Make no mistake: while these unusual hotels may look crazy, they aren’t the result of hoteliers gone mad. The owners are often forward-thinking architects or tinkerers inspired to make their small hotel creations into quirky destinations in and of themselves. They’re well aware that anything strange attracts publicity and curious travellers.

Berlin’s Propeller Island, for example, has become popular among artists, who seek stimulation among the green padded walls, floating beds, and fun-house interiors, which, not surprisingly, have been featured in many music videos. While it jives with Berlin’s artsy reputation, some other unusual hotels go to more radical lengths to blend in with their surroundings. The salt pans of Bolivia make the Palacio de Sal hotel—constructed entirely from salt blocks (even the beds)—a true product of the environment.
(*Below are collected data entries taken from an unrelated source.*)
Lemma lp_colsum_w (y : row -> R) i : \sum_k y k * lp_coef k (inl i) =
  - y (WNonneg i) + dual_beta y + \sum_m y (WCut m) * h m * D m i
  - y (WLower i) + y (WUpper i).
Proof.
rewrite sum_psigma_row /= !big_bool /= !sumr_mul0 !sumr_mul_if_eq /dual_beta.
under eq_bigr do rewrite mulrA.
by rewrite expr0 expr1; ring.
Qed.

Lemma lp_colsum_Pi (y : row -> R) i j : \sum_k y k * lp_coef k (inr (i, j)) =
  - y (PiNonneg (i, j)) + dual_taul y i + dual_tauu y j
  - y (WLower i) * (s j * vl i) - y (WUpper i) * (s j * vu i).
Proof.
rewrite sum_psigma_row /= !big_bool /= !sumr_mul0 !sumr_mul_if_eq.
by rewrite /dual_taul /dual_tauu expr0 expr1; ring.
Qed.

Lemma lp_rhs_sum (y : row -> R) : \sum_k y k * lp_rhs k =
  dual_beta y + sumv (dual_taul y) + sumv (dual_tauu y)
  - dotv (fun i => y (WLower i)) cN + dotv (fun i => y (WUpper i)) cN.
Proof.
rewrite sum_psigma_row /= !big_bool /= !sumr_mul0 expr0 expr1 -!mulr_suml.
under eq_bigr do rewrite mulrN.
rewrite sumrN /dual_beta /dual_taul /dual_tauu /sumv !sumrB /dotv /=.
ring.
Qed.

Definition lp_start (v : var) : R :=
  match v with inl i => cN i | inr (i, j) => if i == j then 1 else 0 end.

Lemma lp_start_feasible : hatV h D cN -> (forall i, 0 <= vl i) ->
  (forall i, 0 <= vu i) -> (forall j, 0 <= s j) -> forall k, lp_row k lp_start <= lp_rhs k.
Proof.
move=> [cN0 [cN1 cND]] vl0 vu0 s0.
have rowdot_start i : rowdot (Pipart lp_start) s i = s i.
  rewrite /rowdot (sum_delta i) /Pipart /= ?eqxx ?mul1r // => j.
  by rewrite eq_sym => /negbTE ->; rewrite mul0r.
have row_start i : \sum_j Pipart lp_start i j = 1.
  by rewrite (sum_delta i) /Pipart /= ?eqxx // => j; rewrite eq_sym => /negbTE ->.
have col_start j : \sum_i Pipart lp_start i j = 1.
  by rewrite (sum_delta j) /Pipart /= ?eqxx // => i /negbTE ->.
case=> [i|b|m|[i j]|b i|b j|i|i] /=.
- by rewrite oppr_le0.
- by rewrite cN1 mulr1.
- exact: cND.
- by rewrite oppr_le0; case: eqP.
- by rewrite row_start mulr1.
- by rewrite col_start mulr1.
- by rewrite rowdot_start gerDl oppr_le0 mulr_ge0.
- by rewrite rowdot_start gerDl oppr_le0 mulr_ge0.
Qed.

Lemma lp_feasible_Psigma x : (forall k, lp_row k x <= lp_rhs k) ->
  (Pval h D gbar cN vl vu s <= (dotv (wpart x) gbar)%:E)%E.
Proof.
move=> xfeas; apply: ereal_inf_lbound; exists (wpart x), (Pipart x).
have eq_sign (a : R) : (forall b : bool, (-1) ^+ b * a <= (-1) ^+ b) -> a = 1.
  by move=> abnd; have := abnd false; have := abnd true; rewrite expr0 expr1; lra.
have row1 i : \sum_j Pipart x i j = 1 by apply: eq_sign => b; exact: xfeas (PiRow b i).
have col1 j : \sum_i Pipart x i j = 1 by apply: eq_sign => b; exact: xfeas (PiCol b j).
have P0 i j : 0 <= Pipart x i j by rewrite -oppr_le0; exact: xfeas (PiNonneg (i, j)).
split; [split; [|split]|split; [split; [|split]|split]] => //.
- by move=> i; rewrite -oppr_le0; exact: xfeas (WNonneg i).
- by apply: eq_sign => b; exact: xfeas (WSum b).
- by move=> m; exact: xfeas (WCut m).
- move=> i j; rewrite P0 -(row1 i) (bigD1 j) //= lerDl.
  by apply: sumr_ge0 => k _.
- move=> i; have := xfeas (WLower i); have := xfeas (WUpper i); rewrite /=.
  by move=> up lo; apply/andP; split; lra.
Qed.

Lemma lp_certificate_Dval (y : row -> R) (r : R) : sumv cN = 1 ->
  (forall k, 0 <= y k) -> (forall v, lp_obj v + \sum_k y k * lp_coef k v = 0) ->
  r < - \sum_k y k * lp_rhs k -> (r%:E <= Dval h D gbar cN vl vu s)%E.
Proof.
move=> cN1 y0 yA yb.
have E : eqcons h D gbar (fun i => y (WLower i)) (fun i => y (WUpper i))
    (dual_beta y) (fun i => y (WNonneg i)) (fun m => y (WCut m)).
  by move=> i; have := yA (inl i); rewrite lp_colsum_w /=; lra.
apply: le_trans (ereal_sup_ubound _); last first.
  exists (fun i => y (WLower i)), (fun i => y (WUpper i)), (fun i => y (WNonneg i)),
    (dual_taul y), (dual_tauu y), (dual_beta y), (fun m => y (WCut m)), (fun _ _ => 0).
  split; first exact: E.
  split=> [i j|]; first by have := yA (inr (i, j)); have := y0 (PiNonneg (i, j));
    rewrite lp_colsum_Pi /=; lra.
  by do 4 (split; first by move=> *; exact: y0); split.
have Th0 : \sum_(i < n) \sum_(j < n) (0 : R) = 0 by rewrite big1 // => i _; rewrite big1_eq.
by rewrite Th0 lee_fin (eqcons_dotv E cN1); move: yb; rewrite lp_rhs_sum; lra.
Qed.

Lemma Pval_le_Dval : hatV h D cN -> (forall i, 0 <= vl i) -> (forall i, 0 <= vu i) ->
  (forall j, 0 <= s j) -> (Pval h D gbar cN vl vu s <= Dval h D gbar cN vl vu s)%E.
Proof.
move=> cN_feas vl0 vu0 s0; apply: lee_EFin_approx => r r_lt.
case: (@lp_certificate _ _ _ lp_coef lp_rhs lp_obj r).
- by exists lp_start => k; rewrite lp_coefE; exact: lp_start_feasible.
- move=> x xfeas; rewrite lp_objE -lte_fin; apply: lt_le_trans r_lt _.
  by apply: lp_feasible_Psigma => k; rewrite -lp_coefE.
- by move=> y y0 [yA yb]; apply: lp_certificate_Dval cN_feas.2.1 y0 yA yb.
Qed.

End PrimalLP.

Section ReducedCoordinates.
Variables (R : realType) (k M : nat) (h : 'I_M -> R) (D : 'I_M -> 'I_k.+1 -> R).
Local Notation Vset := (@Vset R k.+2 M h D).
Local Notation hatV := (@hatV R k.+2 M h D).
Local Notation strictV := (@strictV R k.+2 M h D).
Local Notation Rmap := (@Rmap R k.+2).
Local Notation vup := (@vup R k.+2 M h D).
Local Notation vlow := (@vlow R k.+2 M h D).

Lemma Rmap_widen (v : 'I_k -> R) (i : 'I_k) :
  Rmap v (widen_ord (leqnSn k) i) = v i.
Proof.
rewrite /Rmap; case: insubP => [j _ ji|]; last by rewrite /= ltn_ord.
by congr v; apply: val_inj; rewrite ji.
Qed.

Lemma Rmap_max (v : 'I_k -> R) : Rmap v ord_max = 1 - sumv v.
Proof. by rewrite /Rmap; case: insubP => [j /=|//]; rewrite ltnn. Qed.

Lemma sumv_Rmap (v : 'I_k -> R) : sumv (Rmap v) = 1.
Proof.
rewrite /sumv big_ord_recr /= Rmap_max.
under eq_bigr do rewrite Rmap_widen.
by rewrite -/(sumv v) addrC subrK.
Qed.

Lemma Rmap_ge0_le1 (v : 'I_k -> R) (i : 'I_k.+1) : (forall j, 0 <= v j) -> sumv v <= 1 ->
  0 <= Rmap v i <= 1.
Proof.
move=> v0 v1; have sv0 : 0 <= sumv v by apply: sumr_ge0.
rewrite /Rmap; case: insubP => [j _ _|_]; last by apply/andP; split; lra.
rewrite v0 /=; apply: le_trans v1; rewrite /sumv (bigD1 j) //= lerDl.
exact: sumr_ge0.
Qed.

Lemma Rmap_hatV (v : 'I_k -> R) : Vset v -> hatV (Rmap v).
Proof.
move=> [v0 [v1 vD]]; split; last by split; [exact: sumv_Rmap | exact: vD].
by move=> i; have /andP[] := Rmap_ge0_le1 i v0 v1.
Qed.

Lemma strictV_Vset (v : 'I_k -> R) : strictV v -> Vset v.
Proof.
move=> [v0 [v1 vD]]; split; first by move=> i; exact: ltW.
by split=> [|m]; exact: ltW.
Qed.

Section Spread.
Variables (c : 'I_k -> R) (cV : Vset c) (i : 'I_k.+1).

Let spread := [set Rmap v i - Rmap c i | v in Vset].

Let spread0 : spread 0.
Proof. by exists c => //; rewrite subrr. Qed.

Let spread_bounded (e : R) : spread e -> -1 <= e <= 1.
Proof.
move=> [v vV <-]; have := Rmap_ge0_le1 i vV.1 vV.2.1.
have := Rmap_ge0_le1 i cV.1 cV.2.1; move=> /andP[? ?] /andP[? ?].
by apply/andP; split; lra.
Qed.

Lemma vup_ge0 : 0 <= vup c i.
Proof.
by apply: ub_le_sup spread0; exists 1 => e /spread_bounded /andP[].
Qed.

Lemma vlow_ge0 : 0 <= vlow c i.
Proof.
rewrite /Defs.vlow oppr_ge0; apply: ge_inf spread0.
by exists (-1) => e /spread_bounded /andP[].
Qed.

End Spread.
End ReducedCoordinates.

Lemma sigmav_ge0 (R : realType) (N : nat) (gamma : R) (j : 'I_N.-1) :
  0 <= gamma -> 0 <= @sigmav R N gamma j.
Proof. by move=> gamma0; rewrite /sigmav /varsigma divr_ge0 ?mulr_ge0 ?powR_ge0. Qed.

Unset Implicit Arguments. Set Strict Implicit.

Theorem theorem3 (R : realType) (N : nat) (x : nat -> R) (n K : nat)
  (z : 'I_n -> R) (xi : 'I_K -> 'I_n -> R) (M : nat)
  (r1 r2 r3 p h : 'I_M -> R) (c : 'I_N.-2 -> R) (gamma : R) :
  (3 <= N)%N ->
  (forall i j : nat, (i < j)%N -> (j < N)%N -> x i < x j) ->
  (0 < K)%N ->
  (forall k, x 0%N <= dotv z (xi k) <= x N.-1) ->
  (1 <= M)%N ->
  (forall m, r1 m <= r3 m) ->
  (forall m, x 0%N <= r1 m <= x N.-1) ->
  (forall m, x 0%N <= r2 m <= x N.-1) ->
  (forall m, x 0%N <= r3 m <= x N.-1) ->
  (forall m, 0 <= p m <= 1) ->
  (forall m, h m = 1 \/ h m = -1) ->
  let D := @Delta R N x M p r1 r2 r3 in
  nonempty_interior (Vset h D) ->
  is_analytic_center h D c ->
  0 < gamma <= 1 ->
  let gbar : 'I_N.-1 -> R :=
    fun j => K%:R^-1 * \sum_(k < K) @gvec R N x (dotv z (xi k)) j in
  let cN := Rmap c in
  let vl := vlow h D c in
  let vu := vup h D c in
  let s := @sigmav R N gamma in
  Pval h D gbar cN vl vu s = Dval h D gbar cN vl vu s /\
  Lval h D gbar cN vl vu s = Dval h D gbar cN vl vu s.
Proof.
move=> N3 _ _ _ _ _ _ _ _ _ _ D _ [c_strict _] /andP[gamma0 _] gbar cN vl vu s.
have [k N_eq] : exists k, N = k.+2.
  by exists N.-2; case: N N3 {c D gbar cN vl vu s c_strict} => [|[|]].
subst N.
have cV := strictV_Vset c_strict.
have cN_feas : hatV h D cN := Rmap_hatV cV.
have PD : (Pval h D gbar cN vl vu s <= Dval h D gbar cN vl vu s)%E.
  apply: Pval_le_Dval cN_feas _ _ _ => [i|i|j].
  - exact: vlow_ge0.
  - exact: vup_ge0.
  - exact: sigmav_ge0 (ltW gamma0).
have DL := Dval_le_Lval h D gbar cN vl vu s.
have LP := Lval_le_Pval h D gbar vl vu s cN_feas.2.1.
split; apply/le_anti.
- by rewrite PD (le_trans DL LP).
- by rewrite DL (le_trans LP PD).
Qed.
Sure, your usual tastes probably run sweeter—say, to a hotel pool, a king-size bed with a down comforter, and tasteful décor. Yet there’s something liberating about letting loose and giving in to a strange suite once in a while—just as there’s something reassuring about knowing these properties exist and thrive. In cases like Sweden’s futuristic all-suites Treehotel, unusual hotels can even be beautiful examples of out-of-the-box design.

Still, that doesn’t account for a life-size hamster hotel where guests are greeted with masks on arrival. That’s just downright strange—and you need to see it to believe it.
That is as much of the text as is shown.